If mainstream entertainment like HBO’s Girls and Frances Ha (2013) have done anything, they‘ve elevated the platforms for women in the entertainment industry to share their views and opinions and explore issues and debates within modern feminine society. Following suit is Gillian Robespierre’s debut feature Obvious Child (2014), an expansion of her 2009 short film of the same name that chronicled the crises a young woman faces when she becomes pregnant. Reprising her role as said woman, Donna, is American actress and stand-up comic Jenny Slate, who brings an air of authenticity to a character with whom she shares many notable traits.
A twenty-something bookstore clerk-cum-comedienne who spends her evenings sharing her soul at a comedy bar in Brooklyn, Donna seems to face one neurotic trauma after another as she continues to comprehend post-collegiate immobility, much to the displeasure of her disapproving parents. Reeling from losing her job and a recent messy breakup, Donna stumbles – after easing the pain with copious booze – into a one-night stand with Max (Jake Lacy), the ramifications of which exacerbate her steady roster of big, life-altering decisions. After discovering her pregnancy, Donna immediately resolves to have it aborted as soon as possible, a choice she’s outwardly confident about as she begins to comprehend and confront the harsh realities of independent womanhood.
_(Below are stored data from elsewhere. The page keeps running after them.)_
(* Assume (A7). Then for the iterates of D-MSSCA, for all $T>1$ and $\alpha\in(0,1)$, $$\sum_{t=1}^T\mathbb{E}[(\theta^t)^2]\le\frac{4\alpha^2\lambda_W^2}{(1-\lambda_W^2)^2}\sum_{t=1}^{T-1}\mathbb{E}\|\delta^t\|^2 .$$
   Context: Problem. Let $n,d\ge 1$. For $i\in\{1,\dots,n\}$ and each value of a random variable $\xi$, $f_i(\cdot,\xi):\mathbb{R}^d\to\mathbb{R}$ is differentiable (possibly non-convex); $u_i(x):=\mathbb{E}[f_i(x,\xi_i)]$ and $u(x):=\frac1n\sum_{i=1}^n u_i(x)$. The function $h:\mathbb{R}^d\to\mathbb{R}$ is convex (possibly non-smooth), $g:\mathbb{R}^d\to\mathbb{R}$ is convex, $\mathcal{X}:=\{x\in\mathbb{R}^d: g(x)\le 0\}$, and $\mathbb{1}_{\mathcal X}$ is its indicator function ($0$ on $\mathcal X$, $+\infty$ outside). Let $U:=u+h$ and $U^\star:=\min_{x\in\mathcal X}U(x)$. The $n$ agents communicate over a graph with vertex set $\{1,\dots,n\}$ and edge set $\mathcal E$ through a matrix $W\in\mathbb{R}^{n\times n}$; $\lambda_W:=\lambda_{\max}(W-\frac1n\mathbf 1_n\mathbf 1_n^\top)$. Algorithm D-MSSCA. Parameters: $\alpha,\beta\in(0,1)$, $\mu>0$, an initial batch size $b_0\in\mathbb N$. For each $i$, each $x'\in\mathbb{R}^d$ and each sample $\xi$, a surrogate $\hat f_i(\cdot,x',\xi):\mathbb{R}^d\to\mathbb{R}$ is used that is $\mu$-strongly convex and satisfies $\nabla_x\hat f_i(x',x',\xi)=\nabla f_i(x',\xi)$. Node $i$ draws samples $\xi_i^{1,1},\dots,\xi_i^{1,b_0}$ (with $\xi_i^1:=\xi_i^{1,1}$) and then $\xi_i^{t}$ for $t\ge2$. Initialization: $x_i^1=\bar x^1$ for all $i$, for a common point $\bar x^1\in\mathcal X$; $z_i^1=y_i^1=\frac1{b_0}\sum_{r=1}^{b_0}\nabla f_i(x_i^1,\xi_i^{1,r})$; $z_i^0:=0$ and $\nabla f_i(x_i^0,\xi_i^1):=0$. For $t\ge1$, each node $i$ computes $\tilde f_i(x):=\hat f_i(x,x_i^t,\xi_i^t)+(1-\beta)\langle z_i^{t-1}-\nabla f_i(x_i^{t-1},\xi_i^t),x-x_i^t\rangle$, $\hat x_i^t:=\arg\min_{x\in\mathcal X}\ \tilde f_i(x)+\langle y_i^t-z_i^t,x-x_i^t\rangle+h(x)$, $x_i^{t+1}:=\sum_{j=1}^nW_{ij}\big(x_j^t+\alpha(\hat x_j^t-x_j^t)\big)$, $z_i^{t+1}:=\nabla f_i(x_i^{t+1},\xi_i^{t+1})+(1-\beta)\big(z_i^t-\nabla f_i(x_i^t,\xi_i^{t+1})\big)$, $y_i^{t+1}:=\sum_{j=1}^nW_{ij}\big(y_j^t+z_j^{t+1}-z_j^t\big)$. Notation. $x^t,y^t,z^t,\hat x^t\in\mathbb{R}^{nd}$ are the stacked vectors $[x_1^t;\dots;x_n^t]$ etc.; $\bar x^t=\frac1n\sum_ix_i^t$, and similarly $\bar y^t,\bar z^t$. $\nabla\mathbf u(x^t):=[\nabla u_1(x_1^t);\dots;\nabla u_n(x_n^t)]$ and $\overline{\nabla u}(x^t):=\frac1n\sum_i\nabla u_i(x_i^t)$. Define $\theta^t:=\|x^t-(\mathbf 1_n\otimes I_d)\bar x^t\|$, $\delta^t:=\hat x^t-x^t$, $\phi^t:=\mathbb{E}\|\bar z^t-\overline{\nabla u}(x^t)\|^2$, $\upsilon^t:=\mathbb{E}\|z^t-\nabla\mathbf u(x^t)\|^2$, $\varepsilon^t:=\mathbb{E}\|y^t-(\mathbf 1_n\otimes I_d)\bar y^t\|^2$. Norms are Euclidean. Assumptions. (A1) $\inf_{x}U(x)>-\infty$. (A2) With $\mathcal H^t$ the history generated by $\{\xi_i^\tau\}_{i\le n,\tau\le t-1}$, $\mathbb{E}[\nabla f_i(x^t,\xi_i^t)\mid\mathcal H^t]=\nabla u_i(x^t)$. (A3) $\mathbb{E}\|\nabla f_i(x,\xi_i^t)-\nabla u_i(x)\|^2\le\sigma_i^2$ for all $x$; $\bar\sigma^2:=\sum_i\sigma_i^2$. (A4) $\mathbb{E}\|\nabla f_i(x,\xi)-\nabla f_i(y,\xi)\|^2\le L^2\|x-y\|^2$ for all $x,y$. (A7) The graph is undirected and connected, $W$ is doubly stochastic, $W_{ii}>0$ for all $i$, and for $i\ne j$, $W_{ij}>0$ if $(i,j)\in\mathcal E$ and $W_{ij}=0$ otherwise. *)

From HB Require Import structures.
From mathcomp Require Import all_boot all_order all_algebra.
From mathcomp Require Import all_classical all_reals all_analysis.
Set Implicit Arguments. Unset Strict Implicit. Unset Printing Implicit Defensive.
Import Order.TTheory GRing.Theory Num.Theory.
Import numFieldNormedType.Exports.
Local Open Scope classical_set_scope.
Local Open Scope ring_scope.

Section Defs.
Variable R : realType.

Definition dotv (d : nat) (u v : 'rV[R]_d) : R := \sum_(k < d) u 0 k * v 0 k.
Definition enorm (d : nat) (u : 'rV[R]_d) : R := Num.sqrt (dotv u u).

Definition cnorm (n : nat) (v : 'cV[R]_n) : R := Num.sqrt (\sum_(i < n) v i 0 ^+ 2).

(* Euclidean norm of a stacked vector [v_1; ...; v_n] in R^{nd} *)
Definition snorm (n d : nat) (v : 'I_n -> 'rV[R]_d) : R :=
  Num.sqrt (\sum_(i < n) enorm (v i) ^+ 2).

Definition avg (n d : nat) (v : 'I_n -> 'rV[R]_d) : 'rV[R]_d :=
  n%:R^-1 *: \sum_(i < n) v i.

(* consensus error  theta = || v - 1_n (x) vbar || *)
Definition cons_err (n d : nat) (v : 'I_n -> 'rV[R]_d) : R :=
  snorm (fun i => v i - avg v).

Definition spec_norm (n : nat) (M : 'M[R]_n) : R :=
  sup [set cnorm (M *m v) | v in [set v : 'cV[R]_n | cnorm v <= 1]].

(* lambda_W := || W - (1/n) 1 1^T ||_2 *)
Definition lambdaW (n : nat) (W : 'M[R]_n) : R :=
  spec_norm (W - \matrix_(i, j) n%:R^-1).

Definition convex_fun (d : nat) (f : 'rV[R]_d -> R) : Prop :=
  forall x y (l : R), 0 <= l <= 1 ->
    f (l *: x + (1 - l) *: y) <= l * f x + (1 - l) * f y.

Definition strongly_convex (d : nat) (mu : R) (f : 'rV[R]_d -> R) : Prop :=
  forall x y (l : R), 0 <= l <= 1 ->
    f (l *: x + (1 - l) *: y)
      <= l * f x + (1 - l) * f y - mu / 2 * l * (1 - l) * enorm (x - y) ^+ 2.

Definition has_gradient (d : nat) (f : 'rV[R]_d -> R) (x gr : 'rV[R]_d) : Prop :=
  differentiable f x /\ forall v : 'rV[R]_d, 'D_v f x = dotv gr v.

Definition assumption_A7 (n : nat) (E : rel 'I_n) (W : 'M[R]_n) : Prop :=
  (forall i j, E i j = E j i) /\
  (forall i j, connect E i j) /\
  (forall i j, 0 <= W i j) /\
  (forall i, \sum_(j < n) W i j = 1) /\
  (forall j, \sum_(i < n) W i j = 1) /\
  (forall i, 0 < W i i) /\
  (forall i j, i != j -> (E i j -> 0 < W i j) /\ (~~ E i j -> W i j = 0)).


(* The iterates (x, xhat, y, z), indexed by t >= 1 and by the outcome w, of
   D-MSSCA run with samples xi i t w (t >= 1; xi i 1 = first sample of the
   initial batch) and initial batch batch i r w (r < b0). *)
Definition DMSSCA_iterates (n d : nat) (Omega : Type) (Xi : Type)
  (W : 'M[R]_n) (alpha beta : R) (b0 : nat)
  (gradf : 'I_n -> 'rV[R]_d -> Xi -> 'rV[R]_d)
  (fhat : 'I_n -> 'rV[R]_d -> 'rV[R]_d -> Xi -> R)
  (h g : 'rV[R]_d -> R)
  (xi batch : 'I_n -> nat -> Omega -> Xi) (x1 : 'rV[R]_d)
  (x xhat y z : nat -> Omega -> 'I_n -> 'rV[R]_d) : Prop :=
  (forall w i, x 1%N w i = x1) /\
  (forall w i, z 1%N w i = b0%:R^-1 *: \sum_(r < b0) gradf i x1 (batch i r w)) /\
  (forall w i, y 1%N w i = z 1%N w i) /\
  (* local strongly convex subproblem (z^0 := 0, grad f_i(x^0, xi^1) := 0) *)
  (forall t w i, (1 <= t)%N ->
     let corr := if t == 1%N then 0
                 else z t.-1 w i - gradf i (x t.-1 w i) (xi i t w) in
     let F := fun v : 'rV[R]_d =>
         fhat i v (x t w i) (xi i t w)
         + (1 - beta) * dotv corr (v - x t w i)
         + dotv (y t w i - z t w i) (v - x t w i) + h v in
     g (xhat t w i) <= 0 /\
     (forall v, g v <= 0 -> F (xhat t w i) <= F v)) /\
  (forall t w i, (1 <= t)%N ->
     x t.+1 w i = \sum_(j < n) W i j *: (x t w j + alpha *: (xhat t w j - x t w j))) /\
  (forall t w i, (1 <= t)%N ->
     z t.+1 w i = gradf i (x t.+1 w i) (xi i t.+1 w)
                  + (1 - beta) *: (z t w i - gradf i (x t w i) (xi i t.+1 w))) /\
  (forall t w i, (1 <= t)%N ->
     y t.+1 w i = \sum_(j < n) W i j *: (y t w j + z t.+1 w j - z t w j)).

End Defs.

From mathcomp Require Import all_boot all_order all_algebra.
From mathcomp Require Import all_classical all_reals all_analysis.
From mathcomp Require Import ring lra.
From mathcomp Require Import measurable_realfun lebesgue_integral.
Import Order.TTheory GRing.Theory Num.Theory.
Local Open Scope classical_set_scope.
Local Open Scope ring_scope.

(* Let J := W - 11^T/n, so that lambda_W = ||J||.  Because W is doubly
   stochastic, mixing preserves averages and the deviation of W v from its mean
   is J applied to the deviation of v; hence, coordinatewise and with
   L := lambda_W^2, Young's inequality gives
     (theta^{t+1})^2 <= (1 + L)/2 (theta^t)^2 + L (1 + L)/(1 - L) alpha^2 ||delta^t||^2.
   Summing this contraction from theta^1 = 0 bounds the sum of the (theta^t)^2
   on every sample path, and integrating gives the claim.
   The only delicate point is L < 1.  The variance identity for convex
   combinations shows that a mixing step dissipates at least half of the energy
   sum_j sum_k W_jj W_jk (u_j - u_k)^2, and connectivity plus positive diagonal
   and edge weights gives a Poincare inequality bounding sum_i u_i^2 by a
   multiple of that energy for every zero-sum u (chain the edge differences
   along a shortest path). *)

Lemma ler_sum_term {R : numDomainType} {I : finType} (F : I -> R) (a : I) :
  (forall i, 0 <= F i) -> F a <= \sum_i F i.
Proof. by move=> F_ge0; rewrite (bigD1 a) //= lerDl sumr_ge0. Qed.

Lemma sqr_wsumE {R : numFieldType} {I : finType} (w u : I -> R) : \sum_j w j = 1 ->
  (\sum_j w j * u j) ^+ 2 =
  \sum_j w j * u j ^+ 2 - 2^-1 * \sum_j \sum_k w j * w k * (u j - u k) ^+ 2.
Proof.
move=> w1; set m := \sum_j w j * u j.
have inner j : \sum_k w j * w k * (u j - u k) ^+ 2 =
    w j * u j ^+ 2 - 2 * (w j * u j) * m + w j * \sum_k w k * u k ^+ 2.
  have -> : w j * u j ^+ 2 = w j * u j ^+ 2 * \sum_k w k by rewrite w1 mulr1.
  rewrite !mulr_sumr -sumrB -big_split /=.
  by apply: eq_bigr => k _; ring.
rewrite (eq_bigr _ (fun j _ => inner j)) big_split sumrB /= -!mulr_suml w1 -mulr_sumr.
by rewrite -/m mul1r; field.
Qed.

Lemma mulr_sqrD_le {R : realFieldType} (L a c : R) : 0 <= L < 1 ->
  L * (a + c) ^+ 2 <= (1 + L) / 2 * a ^+ 2 + L * (1 + L) / (1 - L) * c ^+ 2.
Proof.
case/andP=> L_ge0 L_lt1; rewrite -subr_ge0.
have -> : (1 + L) / 2 * a ^+ 2 + L * (1 + L) / (1 - L) * c ^+ 2 - L * (a + c) ^+ 2
    = ((1 - L) * a - 2 * L * c) ^+ 2 / (2 * (1 - L)).
  by field; rewrite subr_eq0 gt_eqF.
by rewrite divr_ge0 ?sqr_ge0 // mulr_ge0 // subr_ge0 ltW.
Qed.

Section Mean.
Context {R : realFieldType} {n : nat}.
Implicit Types (v e : 'I_n -> R).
Similar to Lena Dunham’s aforementioned examination of the angst experienced and shared between a group of young intellectual women toppling headfirst towards happiness, Robespierre’s film is a thoughtful depiction of a still taboo subject that’s continually shied away from in popular culture. Expanding the story from its original roots allows the writer-director to open up the conversation and invite a wider response, something aided by a biting and self-deprecating sense of humour.
Using comedy as a go-to outlet for purging her thoughts, fears and desires – albeit with a painfully honest, sexually frank bent – Donna is by turns charming and risqué, a Sarah Silverman-esque millennial caught in the mire of an indifferent city, excellently played by the instantly likable Slate. Equally engaging and identifiable are the representations of the both financial and personal concerns young people face in the gloomy period after the 2008 collapse, a time where growing up seems like a constant uphill battle. Though it’s more gently humorous than all-out funny, Obvious Child is a charismatic indie dramedy that should nevertheless be praised for sticking to its progressive sensibilities and outlooks whilst refraining from giving in to genre tropes and narrative stereotypes, however clichéd it occasionally appears.